March of the Carolinas
- Date: 9 January 1933
- Time: 8:00
- Location: Barcelona, Spain;
- Type: March
- Motive: Protest the destruction of a vespasian toilet
- Participants: The Carolinas

= March of the Carolinas =

Spanish public demonstration

The March of the Carolinas (Marxa de les Carolines, Marcha de las Carolinas) was a public demonstration held in the Spanish city of Barcelona on 9 January 1933. It was held by La Carolinas ("The Carolinas"), a group of transvestites against the destruction of a public vespasian toilet, and is amongst the first LGBTQ demonstrations in Spain.

==Background==
In the early twentieth century, Vespasian toilets, a type of public urinal used by men, were installed in various sectors of Barcelona. These were often frequented and used by
transvestites and served as a meeting place for homosexuals. Among those who used these Vespasians were La Carolinas ("The Carolinas"), a group of transvestites. They frequented a urinal located in El Raval, then known as "Chinatown".
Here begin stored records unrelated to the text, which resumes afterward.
Lemma renewal_scaled r t :
  T t * r ^ t =
  a t * r ^ t + sum_f_R0 (fun k => (b k * r ^ k) * (T (t - k)%nat * r ^ (t - k))) t.
Proof.
rewrite T_renewal Rmult_plus_distr_r [sum_f_R0 _ _ * _]Rmult_comm scal_sum; congr (_ + _).
apply: sum_eq => k /ssrnat.leP k_le_t.
by rewrite -[in r ^ t](subnKC k_le_t) -plusE pow_add; ring.
Qed.

Lemma renewal_scaled_C (z : C) t :
  (T t * z ^ t)%C =
  (a t * z ^ t + sum_n (fun k => (b k * z ^ k) * (T (t - k)%nat * z ^ (t - k)%nat)) t)%C.
Proof.
rewrite T_renewal RtoC_plus Cmult_plus_distr_r RtoC_sum_f_R0.
rewrite -[(sum_n _ _ * _)%C]/(@mult C_Ring _ _) -sum_n_mult_r; congr Cplus.
apply: sum_n_ext_loc => k /ssrnat.leP k_le_t.
by rewrite /mult /= -[in (z ^ t)%C](subnKC k_le_t) Cpow_add_r RtoC_mult; ring.
Qed.

Lemma u_generating_C (z A U : C) :
  is_series (fun t => a t * z ^ t)%C A -> is_series (fun t => u t * z ^ t)%C U ->
  ((1 - q * z) * U = 1 - A)%C.
Proof.
move=> aA uU.
have aA_tail : is_series (fun t => a t.+1 * z ^ t.+1)%C (A - a 0%nat)%C.
  apply: (is_series_incr_1 (fun t => a t * z ^ t)%C).
  by rewrite (_ : plus _ _ = A) // /plus /= Cmult_1_r; ring.
have uU' : is_series (fun t => u t * z ^ t)%C (1 - A + q * z * U)%C.
  apply: is_series_decr_1.
  have -> : plus (1 - A + q * z * U)%C (opp (u 0%nat * z ^ 0)%C) =
            plus (scal (q * z)%C U) (opp (A - a 0%nat)%C).
    by rewrite /plus /opp /scal /= /mult /= u_0 !RtoC_minus; ring.
  apply: (is_series_ext _ _ _ _ (is_series_minus _ _ _ _ (is_series_scal_l _ _ _ uU) aA_tail)) => t.
  by rewrite /plus /opp /scal /= /mult /= u_S [RtoC (_ * _ - _)]RtoC_minus RtoC_mult; ring.
transitivity (U - q * z * U)%C; first ring.
by rewrite {1}(is_series_unique_C uU uU'); ring.
Qed.

Lemma ex_series_T_scaled r Ar Ur :
  0 <= r -> is_series (fun t => a t * r ^ t) Ar -> is_series (fun t => u t * r ^ t) Ur ->
  rho * r * Ur < 1 -> ex_series (fun t => T t * r ^ t).
Proof.
move=> r_ge0 aA uU B_lt1; set g := fun t => T t * r ^ t.
have g_ge0 t : 0 <= g t by apply: Rmult_le_pos; [exact: T_ge0 | exact: pow_le].
have a_ge0 t : 0 <= a t * r ^ t.
  by apply: Rmult_le_pos; [exact: (proj1 (a_bounds t)) | exact: pow_le].
have b_ge0 k : 0 <= b k * r ^ k by apply: Rmult_le_pos; [exact: first_reset_ge0 | exact: pow_le].
have partial_sum_bound N : sum_f_R0 g N <= Ar + rho * r * Ur * sum_f_R0 g N.
  rewrite {1}(sum_eq _ _ N (fun t _ => renewal_scaled r t)) sum_plus.
  rewrite (sum_f_R0_convolution (fun k => b k * r ^ k) g).
  apply: Rplus_le_compat; first exact: sum_le_series.
  apply: (Rle_trans _ (sum_f_R0 (fun k => b k * r ^ k * sum_f_R0 g N) N)).
    apply: sum_Rle => k _; apply: Rmult_le_compat_l => //.
    exact: sum_f_R0_mono (leq_subr k N).
  rewrite -scal_sum [sum_f_R0 g N * _]Rmult_comm; apply: Rmult_le_compat_r.
    exact: cond_pos_sum.
  exact: sum_le_series (is_series_first_reset uU).
apply: (@ex_finite_lim_seq_incr _ (Ar / (1 - rho * r * Ur))) => [N | N].
  by rewrite sum_Sn /plus /=; have := g_ge0 N.+1; lra.
rewrite sum_n_Reals; apply/Rle_div_r; first lra.
by have := partial_sum_bound N; nra.
Qed.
As described by French writer Jean Genet, who lived in Barcelona in the early 1930s, in his book Diario del thief, a bomb placed in the Vespasian destroyed the urinary during the anarchist revolts that occurred in the city in 1933.

== Protest march ==
To protest against the destruction of the Vespasian, the Carloinas organized a public demonstration on 9 January 1933. It was amongst the first LGBTQ demonstrations in Spain. The protest march began at 8:00 on Avinguda del Paral·lel and continued along Carrer de Sant Pau (San Pablo street), and reached La Rambla. From there on, they marched to the Columbus Monument, and turned right to pass through the locality of the Port of Barcelona and the military barracks before reaching the point where the ruins of the urinal were located, where they placed flowers.

==Legacy==
The march of the Carolinas is recognized as a historical event within the LGBTQ community in Catalonia. In October 2017, the Carolinas Program was launched, which seeks to protect the rights of these communities in Barcelona and was named as a tribute to the Carolinas.

In 2020, LGTBI.cat, a group representing the interests of the LGBTQ community, presented a proposal to install a replica of the Vespasian at the corner of La Rambla, in front of the Columbus Monument and the port, as a commemoration of the march of the Carolinas.